- WHAT IS BEING ASKED -
Copy out the data so that nothing differs from the original.

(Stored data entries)
----

(* There exists a sequence of graphs $(G_n)$, defined for all sufficiently large $n$, with the following property. For all constants $\delta>0$ and $\gamma>0$: if $\mathcal C_n$ is any non-overlapping clustering of $G_n$ in which every cluster induces a subgraph of density at least $\delta$, then the fraction of maximal cliques $D$ of $G_n$ for which there is a cluster $C\in\mathcal C_n$ with $|C\cap D|\ge\gamma|D|$ tends to $0$ as $n\to\infty$.
   Context: A cluster of a graph is a nonempty vertex subset; a non-overlapping clustering is a collection of clusters in which each vertex lies in exactly one cluster. For a graph with $n'\ge 2$ vertices and $m'$ edges its density is $m'/\binom{n'}{2}$; a one-vertex graph has density $1$. A clustering partially covers a clique $D$ if some cluster contains a constant fraction of the vertices of $D$. *)

From mathcomp Require Import all_boot.
From Stdlib Require Import Reals.

Set Implicit Arguments.
Unset Strict Implicit.
Unset Printing Implicit Defensive.

(* A graph on n vertices: vertex set 'I_n, edge relation E (assumed
   symmetric and irreflexive in the theorem). *)

Definition is_clique (n : nat) (E : rel 'I_n) (D : {set 'I_n}) : bool :=
  [forall x in D, forall y in D, (x != y) ==> E x y].

Definition is_max_clique (n : nat) (E : rel 'I_n) (D : {set 'I_n}) : bool :=
  is_clique E D && [forall D' : {set 'I_n}, (D \proper D') ==> ~~ is_clique E D'].

Definition n_edges_in (n : nat) (E : rel 'I_n) (C : {set 'I_n}) : nat :=
  #|[set p : 'I_n * 'I_n | [&& p.1 \in C, p.2 \in C, (p.1 < p.2)%N & E p.1 p.2]]|.

(* density of the induced subgraph on C: m'/binom(n',2) if n' >= 2, and 1
   for a one-vertex graph (clusters are nonempty) *)
Definition density (n : nat) (E : rel 'I_n) (C : {set 'I_n}) : R :=
  if (2 <= #|C|)%N then (INR (n_edges_in E C) / INR 'C(#|C|, 2))%R else 1%R.

Definition Rleb (x y : R) : bool := if Rle_dec x y then true else false.

Definition frac_covered (n : nat) (E : rel 'I_n) (P : {set {set 'I_n}})
    (gamma : R) : R :=
  (INR #|[set D : {set 'I_n} | is_max_clique E D &&
           [exists C in P, Rleb (gamma * INR #|D|) (INR #|C :&: D|)]]|
   / INR #|[set D : {set 'I_n} | is_max_clique E D]|)%R.

(* G_n is a disjoint union of copies of the Hamming graph H(m, m) (words of
   length m over an m-letter alphabet, adjacent when they differ in exactly
   one letter), padded with fewer than m^m isolated vertices, where m grows
   slowly with n.  Its maximal cliques are the isolated vertices and the lines
   (the m words that agree outside one coordinate); every vertex lies on m
   lines of size m, so there are at least as many lines as non-isolated
   vertices.  Two distinct non-adjacent vertices have at most two common
   neighbours.

   Let C be a cluster of density at least 1/h and s1 the degree sum of the
   subgraph it induces.  Counting the pairs of neighbours of each vertex bounds
   the second moment of the degrees by m s1 + 2|C|^2, and Cauchy-Schwarz then
   gives s1 <= |C| (m + 2 + 2h).  Every edge lies on a single line, so a line
   meeting C in at least m/g vertices accounts for at least m (m - g) / g^2
   of the ordered edges counted by s1.  Hence C covers at most
   g^2 |C| (m + 2 + 2h) / (m (m - g)) lines, and all clusters together cover
   O(g^2 h n / m) lines, a vanishing fraction of the maximal cliques. *)

From Stdlib Require Import Reals Lra.
From mathcomp Require Import all_boot zify.

Set Implicit Arguments.
Unset Strict Implicit.
Unset Printing Implicit Defensive.

Lemma card_set_sum (T : finType) (P : pred T) :
  #|[set x | P x]| = \sum_x P x.
Proof.
rewrite -sum1_card big_mkcond /=; apply: eq_bigr => x _; rewrite inE.
by case: (P x).
Qed.

Lemma sum_nat_in_card (T : finType) (A : {pred T}) (P : pred T) :
  \sum_(x in A) P x = #|[set x in A | P x]|.
Proof.
rewrite card_set_sum big_mkcond /=; apply: eq_bigr => x _.
by case: (x \in A); case: (P x).
Qed.

Lemma card_offdiag_pairs (T : finType) (A : {set T}) :
  #|A| * #|A|.-1 = \sum_u \sum_w [&& u \in A, w \in A & u != w].
Proof.
rewrite -sum_nat_const big_mkcond /=; apply: eq_bigr => u _.
case uA: (u \in A); last by rewrite big1.
rewrite /= -(card_set_sum (fun w => (w \in A) && (u != w))).
rewrite (cardsD1 u A) uA add1n /=.
by apply: eq_card => w; rewrite !inE andbC eq_sym.
Qed.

----

- ANSWER FOR THE TASK -
(* There exists a sequence of graphs $(G_n)$, defined for all sufficiently large $n$, with the following property. For all constants $\delta>0$ and $\gamma>0$: if $\mathcal C_n$ is any non-overlapping clustering of $G_n$ in which every cluster induces a subgraph of density at least $\delta$, then the fraction of maximal cliques $D$ of $G_n$ for which there is a cluster $C\in\mathcal C_n$ with $|C\cap D|\ge\gamma|D|$ tends to $0$ as $n\to\infty$.
   Context: A cluster of a graph is a nonempty vertex subset; a non-overlapping clustering is a collection of clusters in which each vertex lies in exactly one cluster. For a graph with $n'\ge 2$ vertices and $m'$ edges its density is $m'/\binom{n'}{2}$; a one-vertex graph has density $1$. A clustering partially covers a clique $D$ if some cluster contains a constant fraction of the vertices of $D$. *)

From mathcomp Require Import all_boot.
From Stdlib Require Import Reals.

Set Implicit Arguments.
Unset Strict Implicit.
Unset Printing Implicit Defensive.

(* A graph on n vertices: vertex set 'I_n, edge relation E (assumed
   symmetric and irreflexive in the theorem). *)

Definition is_clique (n : nat) (E : rel 'I_n) (D : {set 'I_n}) : bool :=
  [forall x in D, forall y in D, (x != y) ==> E x y].

Definition is_max_clique (n : nat) (E : rel 'I_n) (D : {set 'I_n}) : bool :=
  is_clique E D && [forall D' : {set 'I_n}, (D \proper D') ==> ~~ is_clique E D'].

Definition n_edges_in (n : nat) (E : rel 'I_n) (C : {set 'I_n}) : nat :=
  #|[set p : 'I_n * 'I_n | [&& p.1 \in C, p.2 \in C, (p.1 < p.2)%N & E p.1 p.2]]|.

(* density of the induced subgraph on C: m'/binom(n',2) if n' >= 2, and 1
   for a one-vertex graph (clusters are nonempty) *)
Definition density (n : nat) (E : rel 'I_n) (C : {set 'I_n}) : R :=
  if (2 <= #|C|)%N then (INR (n_edges_in E C) / INR 'C(#|C|, 2))%R else 1%R.

Definition Rleb (x y : R) : bool := if Rle_dec x y then true else false.

Definition frac_covered (n : nat) (E : rel 'I_n) (P : {set {set 'I_n}})
    (gamma : R) : R :=
  (INR #|[set D : {set 'I_n} | is_max_clique E D &&
           [exists C in P, Rleb (gamma * INR #|D|) (INR #|C :&: D|)]]|
   / INR #|[set D : {set 'I_n} | is_max_clique E D]|)%R.

(* G_n is a disjoint union of copies of the Hamming graph H(m, m) (words of
   length m over an m-letter alphabet, adjacent when they differ in exactly
   one letter), padded with fewer than m^m isolated vertices, where m grows
   slowly with n.  Its maximal cliques are the isolated vertices and the lines
   (the m words that agree outside one coordinate); every vertex lies on m
   lines of size m, so there are at least as many lines as non-isolated
   vertices.  Two distinct non-adjacent vertices have at most two common
   neighbours.

   Let C be a cluster of density at least 1/h and s1 the degree sum of the
   subgraph it induces.  Counting the pairs of neighbours of each vertex bounds
   the second moment of the degrees by m s1 + 2|C|^2, and Cauchy-Schwarz then
   gives s1 <= |C| (m + 2 + 2h).  Every edge lies on a single line, so a line
   meeting C in at least m/g vertices accounts for at least m (m - g) / g^2
   of the ordered edges counted by s1.  Hence C covers at most
   g^2 |C| (m + 2 + 2h) / (m (m - g)) lines, and all clusters together cover
   O(g^2 h n / m) lines, a vanishing fraction of the maximal cliques. *)

From Stdlib Require Import Reals Lra.
From mathcomp Require Import all_boot zify.

Set Implicit Arguments.
Unset Strict Implicit.
Unset Printing Implicit Defensive.

Lemma card_set_sum (T : finType) (P : pred T) :
  #|[set x | P x]| = \sum_x P x.
Proof.
rewrite -sum1_card big_mkcond /=; apply: eq_bigr => x _; rewrite inE.
by case: (P x).
Qed.

Lemma sum_nat_in_card (T : finType) (A : {pred T}) (P : pred T) :
  \sum_(x in A) P x = #|[set x in A | P x]|.
Proof.
rewrite card_set_sum big_mkcond /=; apply: eq_bigr => x _.
by case: (x \in A); case: (P x).
Qed.

Lemma card_offdiag_pairs (T : finType) (A : {set T}) :
  #|A| * #|A|.-1 = \sum_u \sum_w [&& u \in A, w \in A & u != w].
Proof.
rewrite -sum_nat_const big_mkcond /=; apply: eq_bigr => u _.
case uA: (u \in A); last by rewrite big1.
rewrite /= -(card_set_sum (fun w => (w \in A) && (u != w))).
rewrite (cardsD1 u A) uA add1n /=.
by apply: eq_card => w; rewrite !inE andbC eq_sym.
Qed.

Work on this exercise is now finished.